Attention with Ferocity

What does it take to become Fierce and move into a zone with your writing?

Do you recall when you first learned a sport, how to dance, sing or play an instrument? Gaining the skills involved techniques and ways to position the body. You had to pay attention. If you became too tense, you lost control or balance.

All activities cultivated the capacity for presence.  Mind and body cooperated to develop harmony.

Linda Stone, a Microsoft researcher, coined the term, "continuous partial attention" to describe a state of attention attuned to everything without concentrating on anything. It refers to our current technological state of staying in hyper-connectivity.

She feels we need various attention strategies in different contexts. Writing a story, driving a car, riding a bicycle all require an attention strategy that serves the moment.

"Relaxed presence," assists the ability to learn to write, drive a car or ride a bike.  She asked individuals in her studies, "How did you play as a child?"
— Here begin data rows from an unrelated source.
(* Let $\mathtt{L}$ be a line of $\mathcal{S}$ and $\theta$ a point of $\mathcal{S}$. If $\theta$ has distance $2$ from two points of $\mathtt{L}$, then $\theta$ is collinear with the third point of $\mathtt{L}$.
   Context: Let $S=(P,L)$ and $S'=(P',L')$ be generalized quadrangles of order $(2,2)$ (every line has 3 points, every point lies on 3 lines, and for each point $x$ and line $l\not\ni x$ exactly one point of $l$ is collinear with $x$), with an isomorphism $x\mapsto x'$ from $S$ to $S'$. In a point-line geometry, $x^{\perp}$ is $x$ together with all points collinear with $x$, and $A^{\perp}=\bigcap_{a\in A}a^{\perp}$. A triad is a set of three pairwise non-collinear points, complete if $|T^{\perp}|=3$. The geometry $\mathcal{S}=(\mathcal{P},\mathcal{L})$ has point set $\mathcal{P}=\{(x,y')\in P\times P':y'\in x'^{\perp}\}$ and lines all $3$-subsets $\{(x,u'),(y,v'),(z,w')\}$ of $\mathcal{P}$ where $T=\{x,y,z\}$ (three distinct points) is a line or a complete triad of $S$ and $\{u',v',w'\}=T'^{\perp}$ in $S'$ with $u',v',w'$ distinct. Distance is measured in the collinearity graph of $\mathcal{S}$. *)

From mathcomp Require Import all_boot.
Set Implicit Arguments. Unset Strict Implicit. Unset Printing Implicit Defensive.

Section Geometry.
Variable T : finType.
Variable lines : {set {set T}}.

Definition collinear (x y : T) : bool :=
  (x != y) && [exists l in lines, (x \in l) && (y \in l)].

Definition perp (x : T) : {set T} := [set y | (y == x) || collinear x y].

Definition perpset (A : {set T}) : {set T} := \bigcap_(a in A) perp a.

Definition triad (A : {set T}) : bool :=
  (#|A| == 3) && [forall x in A, forall y in A, ~~ collinear x y].

Definition complete_triad (A : {set T}) : bool :=
  triad A && (#|perpset A| == 3).

Fixpoint walk (n : nat) (x y : T) : Prop :=
  match n with
  | 0 => x = y
  | n'.+1 => exists z, collinear x z /\ walk n' z y
  end.

Definition dist_eq (x y : T) (n : nat) : Prop :=
  walk n x y /\ forall m, m < n -> ~ walk m x y.

End Geometry.

Record GQ22 (P : finType) (L : {set {set P}}) : Prop := {
  gq_line3 : forall l, l \in L -> #|l| = 3;
  gq_point3 : forall x, #|[set l in L | x \in l]| = 3;
  gq_unique_line : forall x y l m, x != y -> l \in L -> m \in L ->
      x \in l -> y \in l -> x \in m -> y \in m -> l = m;
  gq_axiom : forall x l, l \in L -> x \notin l ->
      #|[set y in l | collinear L x y]| = 1
}.

Definition is_iso (P P' : finType) (L : {set {set P}}) (L' : {set {set P'}})
  (f : P -> P') : Prop :=
  bijective f /\ forall l : {set P}, (l \in L) = (f @: l \in L').

Section Construction.
Variables (P P' : finType) (L : {set {set P}}) (L' : {set {set P'}}) (f : P -> P').

Definition calP : {set P * P'} := [set xy | xy.2 \in perp L' (f xy.1)].

Definition calL : {set {set P * P'}} :=
  [set X : {set P * P'} | [exists x : P, exists y : P, exists z : P,
     exists u : P', exists v : P', exists w : P',
     [&& X == [set (x, u); (y, v); (z, w)],
         X \subset calP,
         [&& x != y, y != z & x != z],
         ([set x; y; z] \in L) || complete_triad L [set x; y; z],
         perpset L' (f @: [set x; y; z]) == [set u; v; w] &
         [&& u != v, v != w & u != w]]]].

End Construction.

From mathcomp Require Import all_boot zify.
Set Implicit Arguments. Unset Strict Implicit. Unset Printing Implicit Defensive.
(* Let $\mathcal{A}$ be an abelian category and let $K, Y$ be objects. Consider two short exact sequences $\xi_1\colon 0\to K_1\to X_1\xrightarrow{\alpha_1} Y\to 0$ and $\xi_2\colon 0\to K_2\to X_2\xrightarrow{\alpha_2} Y\to 0$, and the statements: (1) there is a morphism $v\colon X_1\to X_2$ with $\alpha_1=\alpha_2\circ v$; (2) there is a morphism $u\colon K_1\to K_2$ with $[\xi_2]=[u.\xi_1]$; (3) $\mathrm{Im}\, c(\xi_2,K)\subseteq \mathrm{Im}\, c(\xi_1,K)$. Then $(1)\Leftrightarrow(2)\Rightarrow(3)$; consequently, if $\alpha_1$ and $\alpha_2$ are right equivalent then $\mathrm{Im}\,c(\xi_1,K)=\mathrm{Im}\,c(\xi_2,K)$. If moreover $K_2\in\mathrm{add}\,K$, then $(3)\Rightarrow(2)$; consequently, if both $K_1,K_2\in\mathrm{add}\,K$, then $\alpha_1$ and $\alpha_2$ are right equivalent if and only if $\mathrm{Im}\,c(\xi_1,K)=\mathrm{Im}\,c(\xi_2,K)$.
   Context: For an object $K$ of an abelian category $\mathcal{A}$, $\Gamma(K)=\mathrm{End}_{\mathcal{A}}(K)$; $\mathrm{Hom}_{\mathcal{A}}(Y,K)$ and $\mathrm{Ext}^1_{\mathcal{A}}(Y,K)$ are left $\Gamma(K)$-modules. For a short exact sequence $\xi$, $[\xi]$ denotes its class in $\mathrm{Ext}^1$. For $\xi\colon 0\to K'\to X\to Y\to 0$ and $u\colon K'\to Z$, $u.\xi$ denotes the pushout of $\xi$ along $u$. The connecting map $c(\xi,Z)\colon \mathrm{Hom}_{\mathcal{A}}(K',Z)\to\mathrm{Ext}^1_{\mathcal{A}}(Y,Z)$ sends $u$ to $[u.\xi]$; it is a $\Gamma(Z)$-module morphism. $\mathrm{add}\,K$ is the full subcategory of direct summands of finite direct sums of copies of $K$. Two morphisms $\alpha_1\colon X_1\to Y$, $\alpha_2\colon X_2\to Y$ are right equivalent if each factors through the other (i.e. $\alpha_1=\alpha_2\circ v$ and $\alpha_2=\alpha_1\circ v'$ for some $v,v'$). *)

From mathcomp Require Import all_boot all_algebra.
Set Implicit Arguments. Unset Strict Implicit. Unset Printing Implicit Defensive.
Import GRing.Theory.
Local Open Scope ring_scope.
(* If $\ell\ge 5$ is not divisible by three, then the uniform Tur\'an density of the tight $3$-uniform cycle $C_\ell^{(3)}$ is at least $4/27$.
   Context: For $\ell\ge 5$, the tight $3$-uniform cycle $C_\ell^{(3)}$ is the $3$-uniform hypergraph with $\ell$ vertices $v_1,\ldots,v_\ell$ whose edges are exactly the triples $\{v_i,v_{i+1},v_{i+2}\}$, $i\in[\ell]$, indices modulo $\ell$. For an $n$-vertex $3$-uniform hypergraph $H$ and $\varepsilon>0$, the $\varepsilon$-linear density of $H$ is the minimum edge density of an induced subhypergraph of $H$ with at least $\varepsilon n$ vertices. The uniform Tur\'an density of a $3$-uniform hypergraph $F$ is the supremum of all $d\in[0,1]$ such that for every $\varepsilon>0$ there exist arbitrarily large $F$-free $3$-uniform hypergraphs with $\varepsilon$-linear density at least $d$. *)

From HB Require Import structures.
From mathcomp Require Import all_boot all_order all_algebra.
From mathcomp Require Import classical_sets reals.
Unset Strict Implicit. Unset Printing Implicit Defensive.
Import Order.TTheory GRing.Theory Num.Theory.
Local Open Scope ring_scope.

Definition uniform3 (n : nat) (H : {set {set 'I_n}}) : bool :=
  [forall e in H, #|e| == 3%N].

Definition contains_copy (k n : nat) (F : {set {set 'I_k}}) (H : {set {set 'I_n}}) : Prop :=
  exists f : 'I_k -> 'I_n, injective f /\ forall e, e \in F -> f @: e \in H.

Definition free_of (k n : nat) (F : {set {set 'I_k}}) (H : {set {set 'I_n}}) : Prop :=
  ~ contains_copy k n F H.

Lemma ord_gt0 (l : nat) (i : 'I_l) : (0 < l)%N.
Proof. exact: leq_ltn_trans (leq0n i) (ltn_ord i). Qed.
Arguments ord_gt0 {l} i.

Definition cyc_shift (l : nat) (i : 'I_l) (k : nat) : 'I_l :=
  @Ordinal l ((i + k) %% l) (ltn_pmod (i + k) (ord_gt0 i)).

Definition tight_cycle (l : nat) : {set {set 'I_l}} :=
  [set [set cyc_shift l i 0; cyc_shift l i 1; cyc_shift l i 2] | i : 'I_l].

Definition induced_density (R : realType) (n : nat) (H : {set {set 'I_n}}) (S : {set 'I_n}) : R :=
  (#|[set e in H | e \subset S]|)%:R / ('C(#|S|, 3))%:R.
Stone learned that if people did things on their own without the stress of someone giving an assignment and evaluating it, they played for pleasure and joy. As a result, individuals developed the capacity for attention and a type of curiosity and experimentation that only happened when they played. When they stayed in the moment, it unfolded in a natural way.

When you explore words in freeflow writing, you move in a state of relaxed presence. Sentences wander with curiosity and wonder as ideas fall upon words without effort. When no one guides or judges, freedom and the ferocity to write result.

Creative Write:  In a freeflow manner, write about learning to perform a task.